Now coming to the issue of privacy, it is to be noted that privacy i.e. protection against unreasonable interference is an essential element of living a proper and dignified life. The researcher would like to connect this issue with that of denial of the right to speech and expression of homosexuals. Now, there has to be a balance between the fundamental rights and their reasonable restrictions. The counter-argument by the respondents, in this case, was that homosexuality degrades public morality and notions of decency. This argument is not legally sustainable as what happens within the four walls of a room between two consenting adults regardless of their sex can’t be reasonably foreseen to have a derogating effect on public morals as a private act can’t deprave morals of the society.

Also, the Indian society has become much more liberal in the current times. The conservatives may have a feeling of ‘disgust’ for certain ‘out-of-line’ practices but it can’t be seen as a proper ground for denying basic rights to a particular section of society. Also, many western countries have recognised homosexuality. It is high time for India to do the same. The court correctly held in this case that not giving privacy to homosexuals is denying them a dignified life and personal liberty under article 21 and also that by denying the expression of homosexuals regarding their sexual choice or gender identity, their right to freedom of speech is being unreasonably curtailed.  So, section 377 was to be struck down insofar as it concerned with the consensual sexual acts between two adults in private. Other parts of the section were to remain intact.

Finally, the researcher feels that the court gave a good and courageous judgement in this case. The judgement upheld constitutional morality and also indicated towards the shift of the Indian society from an archaic to a pragmatic one.

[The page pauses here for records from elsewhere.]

Definition near_right0 (P : R -> Prop) : Prop :=
  exists dbar, dbar > 0 /\ forall d, 0 < d < dbar -> P d.

Lemma near_right0_iff (P Q : R -> Prop) :
  (forall d, 0 < d < 1 -> (P d <-> Q d)) -> (near_right0 P <-> near_right0 Q).
Proof.
  intros HPQ.
  split; intros [dbar [Hdbar H]]; exists (Rmin dbar 1);
    (split; [apply Rmin_pos; lra |]); intros d Hd;
    pose proof (Rmin_l dbar 1); pose proof (Rmin_r dbar 1);
    apply HPQ; [lra | apply H; lra | lra | apply H; lra].
Qed.

Lemma near_right0_affine_le0 p s :
  0 <= s -> (near_right0 (fun d => p - s * d <= 0) <-> p <= 0).
Proof.
  intros Hs; split.
  - intros [dbar [Hdbar H]].
    destruct (Rle_or_lt p 0) as [Hp | Hp]; [exact Hp | exfalso].
    set (d := Rmin (dbar / 2) (p / (s + 1))).
    assert (Hd0 : 0 < d) by (apply Rmin_pos; [lra | apply Rdiv_lt_0_compat; lra]).
    assert (Hd1 : d <= dbar / 2) by apply Rmin_l.
    assert (Hsd : (s + 1) * d <= p).
    { replace p with ((s + 1) * (p / (s + 1))) by (field; lra).
      apply Rmult_le_compat_l; [lra | apply Rmin_r]. }
    specialize (H d ltac:(lra)); lra.
  - intros Hp; exists 1; split; [lra |]; intros d Hd; nra.
Qed.

Lemma reciprocal_share_in_unit t : 0 <= t -> 0 < 1 / (1 + t) <= 1.
Proof.
  intros Ht; split; [apply Rdiv_lt_0_compat; lra |].
  apply (Rmult_le_reg_r (1 + t)); [lra |]. field_simplify; lra.
Qed.

Section OneType.
Variables (c C re z : R) (h F : R -> R).
Hypotheses (HC : 0 < C) (Hz : 0 <= z).
Hypothesis Hh : forall u, 0 < u <= 1 -> h u = c / u.
Hypothesis HF : forall u, 0 < u < 1 -> F (1 - u) = C * (re - u) / (u * (1 - u)).
Let k := z * c / C.
Hypothesis Hk : k <= 1.

Lemma quantile_sub_g x y : 0 < x < 1 -> 0 <= y <= 1 ->
  F (1 - x) - g h x y z = C / (x * (1 - x)) * ((re - k * y) - (1 - k) * x).
Proof.
  intros Hx Hy. unfold g, k.
  assert (Hw : 0 <= z * y / x) by (apply Rmult_le_pos; [nra | left; apply Rinv_0_lt_compat; lra]).
  assert (Hm : 0 <= z * (1 - y) / (1 - x))
    by (apply Rmult_le_pos; [nra | left; apply Rinv_0_lt_compat; lra]).
  rewrite HF, (Hh _ (reciprocal_share_in_unit _ Hw)), (Hh _ (reciprocal_share_in_unit _ Hm)) by lra.
  field; repeat split; nra.
Qed.

Lemma quantile_weight_pos x : 0 < x < 1 -> 0 < C / (x * (1 - x)).
Proof. intros Hx; apply Rdiv_lt_0_compat; nra. Qed.

Lemma interior_condition_iff x y : 0 < x < 1 -> 0 <= y <= 1 ->
  (F (1 - x) = g h x y z <-> re - k * y = (1 - k) * x).
Proof.
  intros Hx Hy.
  pose proof (quantile_sub_g x y Hx Hy); pose proof (quantile_weight_pos x Hx).
  split; intros E; nra.
Qed.

Lemma lower_corner_condition_iff y : 0 <= y <= 1 ->
  (near_right0 (fun d => F (1 - d) <= g h d y z) <-> re - k * y <= 0).
Proof.
  intros Hy.
  rewrite <- (near_right0_affine_le0 (re - k * y) (1 - k)) by lra.
  apply near_right0_iff; intros d Hd.
  pose proof (quantile_sub_g d y Hd Hy); pose proof (quantile_weight_pos d Hd).
  split; intros E; nra.
Qed.

Lemma upper_corner_condition_iff y : 0 <= y <= 1 ->
  (near_right0 (fun d => F d >= g h (1 - d) y z) <-> 1 - k <= re - k * y).
Proof.
  intros Hy.
  transitivity (near_right0 (fun d => ((1 - k) - (re - k * y)) - (1 - k) * d <= 0)).
  - apply near_right0_iff; intros d Hd.
    assert (Hd' : 0 < 1 - d < 1) by lra.
    pose proof (quantile_sub_g (1 - d) y Hd' Hy) as E.
    pose proof (quantile_weight_pos (1 - d) Hd').
    replace (1 - (1 - d)) with d in * by ring.
    split; intros; nra.
  - rewrite near_right0_affine_le0 by lra; lra.
Qed.

End OneType.

(* [x] solves the complementarity problem on [0,1] for the decreasing residual
   [t - s x]: it vanishes at an interior [x] and has the sign pointing out of
   [0,1] at a corner. *)
Definition best_response (t s x : R) : Prop :=
  0 <= x <= 1 /\ (0 < x < 1 -> t = s * x) /\ (x = 0 -> t <= 0) /\ (x = 1 -> s <= t).

Lemma best_response_interior t s x : 0 < x < 1 -> t = s * x -> best_response t s x.
Proof. unfold best_response; lra. Qed.

Lemma best_response_0 t s : t <= 0 -> best_response t s 0.
Proof. unfold best_response; lra. Qed.

Lemma best_response_1 t s : s <= t -> best_response t s 1.
Proof. unfold best_response; lra. Qed.

Lemma best_response_variational t s x z :
  best_response t s x -> 0 <= z <= 1 -> (t - s * x) * (z - x) <= 0.
Proof.
  intros (Hx & Hint & H0 & H1) Hz.
  assert (Hcases : x = 0 \/ 0 < x < 1 \/ x = 1) by lra.
  destruct Hcases as [-> | [Hx' | ->]].
  - specialize (H0 eq_refl); nra.
  - rewrite (Hint Hx'); lra.
  - specialize (H1 eq_refl); nra.
Qed.

Lemma best_response_monotone t t' s x x' :
  best_response t s x -> best_response t' s x' ->
  s * (x - x') ^ 2 <= (t - t') * (x - x').
Proof.
  intros H H'.
  pose proof (best_response_variational _ _ _ x' H (proj1 H')).
  pose proof (best_response_variational _ _ _ x H' (proj1 H)).
  nra.
Qed.

Lemma scaled_square_nonpos_eq0 s w : 0 < s -> s * w ^ 2 <= 0 -> w = 0.
Proof.
  intros Hs H.
  apply Rsqr_0_uniq, Rle_antisym; [| apply Rle_0_sqr].
  apply (Rmult_le_reg_l s); [exact Hs |].
  unfold Rsqr; rewrite Rmult_0_r; simpl in H; lra.
Qed.

Definition linear_equilibrium (a b ew em x y : R) : Prop :=
  best_response (ew - a * y) (1 - a) x /\ best_response (em - b * x) (1 - b) y.

Lemma linear_equilibrium_unique a b ew em x y x' y' :
  0 <= a -> 0 <= b -> a + b < 1 ->
  linear_equilibrium a b ew em x y -> linear_equilibrium a b ew em x' y' ->
  x' = x /\ y' = y.
Proof.
  intros Ha Hb Hab [Hx Hy] [Hx' Hy'].
  pose proof (best_response_monotone _ _ _ _ _ Hx Hx') as Mx.
  pose proof (best_response_monotone _ _ _ _ _ Hy Hy') as My.
  assert (Mu : (1 - a) * (x - x') ^ 2 <= - a * ((x - x') * (y - y')))
    by (eapply Rle_trans; [exact Mx | right; ring]).
  assert (Mv : (1 - b) * (y - y') ^ 2 <= - b * ((x - x') * (y - y')))
    by (eapply Rle_trans; [exact My | right; ring]).
  set (u := x - x') in *; set (v := y - y') in *.
  (* Multiplying the two bounds gives (1 - a) (1 - b) (u v)^2 <= a b (u v)^2. *)
  assert (Huv : u * v = 0).
  { assert (Nu : 0 <= (1 - a) * u ^ 2) by nra.
    assert (Nv : 0 <= (1 - b) * v ^ 2) by nra.
    pose proof (Rmult_le_compat _ _ _ _ Nu Nv Mu Mv).
    apply (scaled_square_nonpos_eq0 (1 - a - b)); [lra | nra]. }
  rewrite Huv, Rmult_0_r in Mu, Mv.
  apply scaled_square_nonpos_eq0 in Mu; [|lra].
  apply scaled_square_nonpos_eq0 in Mv; [|lra].
  unfold u, v in *; lra.
Qed.

Section LinearRegimes.
Variables a b ew em : R.
Hypotheses (Ha : 0 <= a) (Hb : 0 <= b) (Hab : a + b < 1)
  (Hew : 0 < ew) (Hlt : ew < em) (Hem : em < 1).

Lemma gamma_bar_w_lt1_iff : a * em / ew + b < 1 <-> a * em < (1 - b) * ew.
Proof.
  assert (E : a * em / ew * ew = a * em) by (field; lra).
  split; intros; nra.
Qed.

Lemma gamma_bar_m_lt1_iff :
  a + b * (1 - ew) / (1 - em) < 1 <-> b * (1 - ew) < (1 - a) * (1 - em).
Proof.
  assert (E : b * (1 - ew) / (1 - em) * (1 - em) = b * (1 - ew)) by (field; lra).
  split; intros; nra.
Qed.

Lemma linear_equilibrium_interior :
  a * em < (1 - b) * ew -> b * (1 - ew) < (1 - a) * (1 - em) ->
  linear_equilibrium a b ew em
    (ew - a / (1 - a - b) * (em - ew)) (em + b / (1 - a - b) * (em - ew)).
Proof.
  intros Hp Hq.
  set (x := ew - a / (1 - a - b) * (em - ew)).
  set (y := em + b / (1 - a - b) * (em - ew)).
  assert (Hx : x * (1 - a - b) = (1 - b) * ew - a * em) by (unfold x; field; lra).
  assert (Hy : y * (1 - a - b) = (1 - a) * em - b * ew) by (unfold y; field; lra).
  split; apply best_response_interior; try nra.
Qed.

This judgement focused more on the desired goals of the fundamental rights rather than on societal perceptions. Also, the issues in concern were answered properly. This judgement laid down the foundation for other historical progressive judgements such as the Joseph Shine case (decriminalization of adultery) and the Sabarimala case (rights of women to enter a worship place).


The judgement in Navtej Johar case is undoubtedly a historical one. As a result of this judgement, the homosexuals can now live in a more dignified environment and can freely express themselves. The judgment also underlined the progressive realisation of people’s rights. However, is this end of the problem? The answer is ‘no’ as still there is discrimination meted out against homosexuals as there is no proper legislation which addresses this issue. The court had ordered the government to take certain measures for upholding the interests of homosexuals but no specific steps have been taken.

The need of the hour is overreaching legislation which provides equality to all persons on the basis of sexual orientation, gender identity, and other grounds. The law should impose obligations of equality and non-discrimination on every person [10].

So, the historical judgement has to be supplemented with positive government efforts to give meaningful life to homosexuals. The organs of the state have to coordinate with each other. That will have an even more positive impact of the court’s judgement.


  • Hershel Goldwasser & Hillel Goldberg, Homosexuality, 29 Tradition: A Journal of Orthodox Jewish thought, 96-102 (1955).
  • Navtej Singh Johar v. Union of India, (2018) 1 SCC 791 (India) [ singh johar v/s union of India].
  • Constitutionality of section 377 of IPC, Supreme Court observer,
  • S. Puttaswamy v. Union of India, (2017) 10 SCC 1 (India).
  • National Legal Services Authority v. Union of India, (2014) 5 SCC 438 (India).
  • Naz Foundation v. Govt. of NCT, Delhi, (2016) 15 SCC 619 (India).
  • Suresh Kumar Kaushal v. Naz Foundation, (2014) 1 SCC 1 (India).
  • 4 T. BHATTACHRYYA, INDIAN PENAL CODE 538-539 (Central Law Agency, 4th 2004).
  • Supra note 2.
  • Jayna Kothari, One year after ‘Navtej Johar’, imagining an equality law, The Hindu, September 11, 2019.